Lemma klin_sw (U V : lmodType k) (f : U -> V) h (B : H -> H -> U) :
  klin f -> f (sw h B) = sw h (fun a b => f (B a b)).
Proof. by move=> f_lin; apply: klin_sum. Qed.

Lemma S_lin c x y : S (c *: x + y) = c *: S x + S y.
Proof. exact: antipode_lin. Qed.

Section ModuleAction.
Variable M : hmod H.

Lemma klin_act_l m : klin (fun h : H => act M h m).
Proof. by move=> c x y; rewrite hm_linH. Qed.

Lemma act0 h : act M h 0 = 0.
Proof. exact: klin0 (hm_lin h). Qed.

Lemma actZl c h m : act M (c *: h) m = c *: act M h m.
Proof. by have /= := klinZ (klin_act_l m) c h. Qed.

Lemma act_alg c m : act M (c *: 1) m = c *: m.
Proof. by rewrite actZl hm_one. Qed.

Lemma act_sw h (B : H -> H -> H) m :
  act M (sw h B) m = sw h (fun a b => act M (B a b) m).
Proof. by have /= := klin_sw h B (klin_act_l m). Qed.

End ModuleAction.

Section Projection.
Variables (M : hmod H) (T : hm_sp M -> hm_sp M).
Hypothesis T_lin : klin T.
Local Notation Tsub := (Tsub HS T).

Lemma klin_T_act h : klin (fun m => T (act M h m)).
Proof. by move=> c x y; rewrite hm_lin T_lin. Qed.

Lemma klin_act_T h : klin (fun m => act M h (T m)).
Proof. by move=> c x y; rewrite T_lin hm_lin. Qed.

Lemma Tsub_lin h : klin (Tsub h).
Proof.
move=> c x y; rewrite /Defs.Tsub -swZ -swD; apply: eq_sw => a b.
by rewrite hm_lin T_lin hm_lin.
Qed.

Lemma Tsub_linH c h g m : Tsub (c *: h + g) m = c *: Tsub h m + Tsub g m.
Proof.
apply: (delta_lin HS (B := fun a b => act M a (T (act M (S b) m)))).
split=> [a|b] c' x y /=; last by rewrite hm_linH.
by rewrite S_lin hm_linH T_lin hm_lin.
Qed.

Lemma klin_T_actS_l w : klin (fun h => T (act M (S h) w)).
Proof. by move=> c x y; rewrite S_lin hm_linH T_lin. Qed.

Lemma act_T_sw u y : act M u (T y) = sw u (fun a b => Tsub a (act M b y)).
Proof.
rewrite /Defs.Tsub (delta_coass HS
  (C := fun c d b => act M c (T (act M (S d) (act M b y))))); last first.
  split=> [a b|a c|b c] c' x z /=.
  - by rewrite hm_linH hm_lin T_lin hm_lin.
  - by rewrite S_lin hm_linH T_lin hm_lin.
  - by rewrite hm_linH.
have antipode_cancel a b :
    sw b (fun c d => act M a (T (act M (S c) (act M d y)))) = eps b *: act M a (T y).
  rewrite -(klin_sw _ _ (klin_act_T a)).
  under eq_sw do rewrite -hm_mul.
  by rewrite -act_sw antipode_l act_alg (klinZ T_lin) (klinZ (hm_lin a)).
rewrite (eq_sw _ antipode_cancel).
under eq_sw do rewrite -actZl.
by rewrite -act_sw counit_r.
Qed.

Definition Tsub_rev h m := sw h (fun a b => act M (S a) (T (act M b m))).

Lemma act_S_Tsub a w :
  sw a (fun a1 a2 => act M (S a1) (Tsub a2 w)) = T (act M (S a) w).
Proof.
have expand a1 a2 : act M (S a1) (Tsub a2 w)
    = sw a2 (fun c d => act M (S a1 * c) (T (act M (S d) w))).
  by rewrite /Defs.Tsub (klin_sw _ _ (hm_lin _)); apply: eq_sw => c d; rewrite hm_mul.
rewrite (eq_sw _ expand) -(delta_coass HS
  (C := fun c d e => act M (S c * d) (T (act M (S e) w)))); last first.
  split=> [a1 b1|a1 c1|b1 c1] c' x z /=.
  - by rewrite S_lin hm_linH T_lin hm_lin.
  - by rewrite mulrDr -scalerAr hm_linH.
  - by rewrite S_lin mulrDl -scalerAl hm_linH.
have antipode_cancel x e : sw x (fun c d => act M (S c * d) (T (act M (S e) w)))
    = eps x *: T (act M (S e) w).
  by rewrite -act_sw antipode_l act_alg.
rewrite (eq_sw _ antipode_cancel).
transitivity (T (act M (S (sw a (fun x e => eps x *: e))) w)); last by rewrite counit_l.
rewrite (klin_sw _ _ (klin_T_actS_l w)).
by apply: eq_sw => x e; have /= -> := klinZ (klin_T_actS_l w) (eps x) e.
Qed.

Hypothesis T_cc : c_condition HS T.

Lemma Tsub_rev_T h y : Tsub_rev h (T y) = T (Tsub_rev h y).
Proof.
rewrite /Tsub_rev.
under eq_sw => a b do rewrite (act_T_sw b y) (klin_sw _ _ (klin_act_T _)).
rewrite -(delta_coass HS (C := fun a c d => act M (S a) (T (Tsub c (act M d y))))); last first.
  split=> [a b|a c|b c] c' x z /=.
  - by rewrite hm_linH Tsub_lin T_lin hm_lin.
  - by rewrite Tsub_linH T_lin hm_lin.
  - by rewrite S_lin hm_linH.
under eq_sw do under eq_sw do rewrite -T_cc.
under eq_sw do rewrite act_S_Tsub.
by rewrite (klin_sw _ _ T_lin).
Qed.

End Projection.

Section ImagePartialModule.
Variable X : tobj HS.
Local Notation M := (t_mod X).
Local Notation T := (@t_proj _ _ HS X).
Let T_lin := @t_lin _ _ HS X.
Let T_idem := @t_idem _ _ HS X.
Let T_cc := @t_cc _ _ HS X.

Lemma img_closed c x y : T x = x -> T y = y -> T (c *: x + y) = c *: x + y.
Proof. by move=> Tx Ty; rewrite T_lin Tx Ty. Qed.

Definition img_lpred : lpred (hm_sp M) :=
  @LPred k _ (fun m => T m = m) (klin0 T_lin) img_closed.

Definition img_sp : lmodType k := lsub img_lpred.

Definition img_pi (h : H) (m : img_sp) : img_sp :=
  lsub_of (L := img_lpred) (T_idem (act M h (lval m))).

Lemma img_fixed (m : img_sp) : T (lval m) = lval m.
Proof. exact: lvalP m. Qed.

Lemma lval_sw h (B : H -> H -> img_sp) :
  lval (sw h B) = sw h (fun a b => lval (B a b)).
Proof. exact: klin_sw (@klin_lval _ _ _). Qed.

Lemma img_pi_lin h : klin (img_pi h).
Proof. by move=> c x y; apply: lval_inj; rewrite /= hm_lin T_lin. Qed.

Lemma img_pi_linH c h g m : img_pi (c *: h + g) m = c *: img_pi h m + img_pi g m.
Proof. by apply: lval_inj; rewrite /= hm_linH T_lin. Qed.

Lemma img_pi_one m : img_pi 1 m = m.
Proof. by apply: lval_inj; rewrite /= hm_one img_fixed. Qed.

Lemma img_pi_ax1 h g m :
  img_pi h (sw g (fun a b => img_pi a (img_pi (S b) m)))
  = sw g (fun a b => img_pi (h * a) (img_pi (S b) m)).
Proof.
apply: lval_inj; rewrite /= !lval_sw /= -(klin_sw _ _ T_lin).
rewrite -/(Tsub HS T g _) -T_cc img_fixed (klin_sw _ _ (klin_T_act T_lin h)).
by apply: eq_sw => a b; rewrite hm_mul.
Qed.

Lemma img_pi_ax2 h g m :
  sw h (fun a b => img_pi a (img_pi (S b) (img_pi g m)))
  = sw h (fun a b => img_pi a (img_pi (S b * g) m)).
Proof.
apply: lval_inj; rewrite !lval_sw /= -(klin_sw _ _ T_lin).
rewrite -/(Tsub HS T h _) T_cc T_idem (klin_sw _ _ T_lin).
by apply: eq_sw => a b; rewrite hm_mul.
Qed.

Lemma img_pi_ax3 h g m :
  img_pi h (sw g (fun a b => img_pi (S a) (img_pi b m)))
  = sw g (fun a b => img_pi (h * S a) (img_pi b m)).
Proof.
apply: lval_inj; rewrite /= !lval_sw /= -(klin_sw _ _ T_lin).
rewrite -/(Tsub_rev T g _) -(Tsub_rev_T T_lin T_cc) img_fixed.
rewrite (klin_sw _ _ (klin_T_act T_lin h)).
by apply: eq_sw => a b; rewrite hm_mul.
Qed.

--- --- ---

**Exercise**
Reproduce exactly the lines that run from the start of the records to the line with "Lemma klin_act_l m", both included.

**Result of the exercise**
Lemma klin_sw (U V : lmodType k) (f : U -> V) h (B : H -> H -> U) :
  klin f -> f (sw h B) = sw h (fun a b => f (B a b)).
Proof. by move=> f_lin; apply: klin_sum. Qed.

Lemma S_lin c x y : S (c *: x + y) = c *: S x + S y.
Proof. exact: antipode_lin. Qed.

Section ModuleAction.
Variable M : hmod H.

Lemma klin_act_l m : klin (fun h : H => act M h m).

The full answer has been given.